- **About this task**
Select, from the data, each line where "split" occurs.

[Dataset entries]
Lemma vderive_orthonormal_frame e f t : vderivable e t -> vderivable f t ->
  locally t (fun s => orthonormal (e s) (f s)) ->
  dot3 (vderive e t) (e t) = 0 /\ dot3 (vderive f t) (f t) = 0 /\
  dot3 (vderive e t) (f t) + dot3 (e t) (vderive f t) = 0.
Proof.
intros He Hf Honb.
assert (Hloc : forall P : R -> Prop,
          (forall s, orthonormal (e s) (f s) -> P s) -> locally t P)
  by (intros P HP; revert Honb; apply filter_imp; exact HP).
pose proof (vderive_dot3_locally_constant e e t 1 He He (Hloc _ (fun s H => proj1 H))) as Hee.
pose proof (vderive_dot3_locally_constant f f t 1 Hf Hf
              (Hloc _ (fun s H => proj1 (proj2 H)))) as Hff.
pose proof (vderive_dot3_locally_constant e f t 0 He Hf
              (Hloc _ (fun s H => proj2 (proj2 H)))) as Hef.
rewrite (dot3_comm (e t)) in Hee; rewrite (dot3_comm (f t)) in Hff.
repeat split; lra.
Qed.

Lemma ex_derive_div_hypot (X Y Z : R -> R) t : ex_derive X t -> ex_derive Y t ->
  ex_derive Z t -> 0 < X t ^ 2 + Y t ^ 2 ->
  ex_derive (fun s => Z s / sqrt (X s ^ 2 + Y s ^ 2)) t.
Proof.
intros HX HY HZ Hpos.
assert (0 < sqrt (X t ^ 2 + Y t ^ 2)) by now apply sqrt_lt_R0.
auto_derive; repeat match goal with |- _ /\ _ => split end; auto; simpl in *; lra.
Qed.

Lemma ex_derive_sqrt_1_sub_hypot (X Y : R -> R) t : ex_derive X t -> ex_derive Y t ->
  X t ^ 2 + Y t ^ 2 < 1 -> ex_derive (fun s => sqrt (1 - (X s ^ 2 + Y s ^ 2))) t.
Proof.
intros HX HY Hlt.
auto_derive; repeat match goal with |- _ /\ _ => split end; auto; simpl in *; lra.
Qed.

Lemma sin_cos_sq x : sin x ^ 2 + cos x ^ 2 = 1.
Proof. rewrite <- (sin2_cos2 x); unfold Rsqr; ring. Qed.

Lemma cos_sq x : cos x ^ 2 = 1 - sin x ^ 2.
Proof. rewrite <- (sin_cos_sq x); ring. Qed.

(* The frame is written as a function of the surface point rather than of
   (u, v): along the curve u and v need not be differentiable (u is only
   determined modulo 2 PI), whereas the point is. *)
Definition parallel_dir (p : vec3) : vec3 :=
  let r := sqrt (vx p ^ 2 + vy p ^ 2) in mk3 (- vy p / r) (vx p / r) 0.

Definition meridian_dir (Rr : R) (p : vec3) : vec3 :=
  mk3 (vx p / Rr) (vy p / Rr) (sqrt (1 - ((vx p / Rr) ^ 2 + (vy p / Rr) ^ 2))).

Lemma vderivable_parallel_dir f t : vderivable f t ->
  0 < vx (f t) ^ 2 + vy (f t) ^ 2 -> vderivable (fun s => parallel_dir (f s)) t.
Proof.
intros (Hx & Hy & _) Hpos; split; [|split].
- apply (ex_derive_div_hypot (fun s => vx (f s)) (fun s => vy (f s))); auto.
  now apply (ex_derive_opp (fun s => vy (f s))).
- now apply (ex_derive_div_hypot (fun s => vx (f s)) (fun s => vy (f s))).
- exact (ex_derive_const 0 t).
Qed.

Lemma vderivable_meridian_dir Rr f t : vderivable f t ->
  (vx (f t) / Rr) ^ 2 + (vy (f t) / Rr) ^ 2 < 1 ->
  vderivable (fun s => meridian_dir Rr (f s)) t.
Proof.
intros (Hx & Hy & _) Hlt.
assert (HX : ex_derive (fun s => vx (f s) / Rr) t) by exact (ex_derive_scal_l _ t (/ Rr) Hx).
assert (HY : ex_derive (fun s => vy (f s) / Rr) t) by exact (ex_derive_scal_l _ t (/ Rr) Hy).
split; [exact HX | split; [exact HY |]].
now apply (ex_derive_sqrt_1_sub_hypot (fun s => vx (f s) / Rr) (fun s => vy (f s) / Rr)).
Qed.

Lemma dot3_vderive_meridian_dir Rr f t w : vz w = 0 ->
  dot3 w (vderive (fun s => meridian_dir Rr (f s)) t) = dot3 w (vderive f t) / Rr.
Proof.
intros Hw; unfold dot3; rewrite Hw.
change (vx (vderive (fun s => meridian_dir Rr (f s)) t))
  with (Derive (fun s => vx (f s) * / Rr) t).
change (vy (vderive (fun s => meridian_dir Rr (f s)) t))
  with (Derive (fun s => vy (f s) * / Rr) t).
rewrite !Derive_scal_l; unfold vderive, Rdiv; unfold_vec3; ring.
Qed.

Section Pseudosphere.

Variables (Rr u v : R).
Hypotheses (HR : 0 < Rr) (Hv : 0 < v < PI / 2).

Let sin_v_pos : 0 < sin v.
Proof. apply sin_gt_0; lra. Qed.

Let cos_v_pos : 0 < cos v.
Proof. apply cos_gt_0; lra. Qed.

Lemma phi_u_eq : phi_u Rr u v = scal3 (Rr * sin v) (mk3 (- sin u) (cos u) 0).
Proof.
unfold phi_u, vderive, phi; unfold_vec3; apply mk3_eq.
- apply is_derive_unique; auto_derive; auto; ring.
- apply is_derive_unique; auto_derive; auto; ring.
- rewrite Derive_const; ring.
Qed.

Lemma phi_v_eq :
  phi_v Rr u v = mk3 (Rr * cos v * cos u) (Rr * cos v * sin u) (Rr * (/ sin v - sin v)).
Proof.
assert (Hs : 0 < sin (v / 2)) by (apply sin_gt_0; lra).
assert (Hc : 0 < cos (v / 2)) by (apply cos_gt_0; lra).
assert (Hsv : sin v = 2 * sin (v / 2) * cos (v / 2)).
{ rewrite <- sin_2a; f_equal; field. }
pose proof (sin_cos_sq (v / 2)) as Hp.
unfold phi_v, vderive, phi; unfold_vec3; apply mk3_eq.
- apply is_derive_unique; auto_derive; auto; ring.
- apply is_derive_unique; auto_derive; auto; ring.
- apply is_derive_unique; unfold tan; auto_derive.
  + repeat split; try lra; apply Rdiv_lt_0_compat; lra.
  + change (v * / 2) with (v / 2).
    replace (/ sin v) with ((sin (v / 2) ^ 2 + cos (v / 2) ^ 2) / sin v)
      by (rewrite Hp; field; lra).
    rewrite Hsv; field; lra.
Qed.

Lemma cross3_phi_u_phi_v : cross3 (phi_u Rr u v) (phi_v Rr u v)
  = scal3 (Rr ^ 2 * cos v) (mk3 (cos v * cos u) (cos v * sin u) (- sin v)).
Proof.
rewrite phi_u_eq, phi_v_eq; unfold_vec3; apply mk3_eq.
- field_simplify; [rewrite (cos_sq v); ring | lra].
- field_simplify; [rewrite (cos_sq v); ring | lra].
- transitivity (- Rr ^ 2 * cos v * sin v * (sin u ^ 2 + cos u ^ 2)); [ring|].
  rewrite sin_cos_sq; ring.
Qed.

Lemma phi_horizontal_radius :
  vx (phi Rr u v) ^ 2 + vy (phi Rr u v) ^ 2 = (Rr * sin v) ^ 2.
Proof.
unfold phi; unfold_vec3.
transitivity ((Rr * sin v) ^ 2 * (sin u ^ 2 + cos u ^ 2)); [ring|].
rewrite sin_cos_sq; ring.
Qed.

Lemma phi_horizontal_pos : 0 < vx (phi Rr u v) ^ 2 + vy (phi Rr u v) ^ 2.
Proof. rewrite phi_horizontal_radius; apply pow_lt, Rmult_lt_0_compat; assumption. Qed.

Lemma phi_horizontal_scaled :
  (vx (phi Rr u v) / Rr) ^ 2 + (vy (phi Rr u v) / Rr) ^ 2 = sin v ^ 2.
Proof.
transitivity ((vx (phi Rr u v) ^ 2 + vy (phi Rr u v) ^ 2) / Rr ^ 2); [field; lra|].
rewrite phi_horizontal_radius; field; lra.
Qed.

Lemma phi_horizontal_lt :
  (vx (phi Rr u v) / Rr) ^ 2 + (vy (phi Rr u v) / Rr) ^ 2 < 1.
Proof. rewrite phi_horizontal_scaled; pose proof (sin_cos_sq v); nra. Qed.

Lemma parallel_dir_phi : parallel_dir (phi Rr u v) = mk3 (- sin u) (cos u) 0.
Proof.
unfold parallel_dir; rewrite phi_horizontal_radius, sqrt_pow2 by nra.
unfold phi; unfold_vec3; apply mk3_eq; field; lra.
Qed.

Lemma meridian_dir_phi :
  meridian_dir Rr (phi Rr u v) = mk3 (sin v * cos u) (sin v * sin u) (cos v).
Proof.
unfold meridian_dir; rewrite phi_horizontal_scaled, <- cos_sq, sqrt_pow2 by lra.
unfold phi; unfold_vec3; apply mk3_eq; field; lra.
Qed.

Lemma orthonormal_pseudosphere_frame :
  orthonormal (parallel_dir (phi Rr u v)) (meridian_dir Rr (phi Rr u v)).
Proof.
rewrite parallel_dir_phi, meridian_dir_phi; unfold orthonormal; unfold_vec3.
pose proof (sin_cos_sq u); pose proof (sin_cos_sq v).
repeat split; nra.
Qed.

Lemma unit_phi_u_eq :
  scal3 (/ norm3 (phi_u Rr u v)) (phi_u Rr u v) = parallel_dir (phi Rr u v).
Proof.
rewrite phi_u_eq, parallel_dir_phi, normalize_scal3; [reflexivity | nra |].
pose proof (sin_cos_sq u); unfold_vec3; lra.
Qed.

- **Result below**
repeat split; lra.
auto_derive; repeat match goal with |- _ /\ _ => split end; auto; simpl in *; lra.
auto_derive; repeat match goal with |- _ /\ _ => split end; auto; simpl in *; lra.
intros (Hx & Hy & _) Hpos; split; [|split].
split; [exact HX | split; [exact HY |]].
  + repeat split; try lra; apply Rdiv_lt_0_compat; lra.
repeat split; nra.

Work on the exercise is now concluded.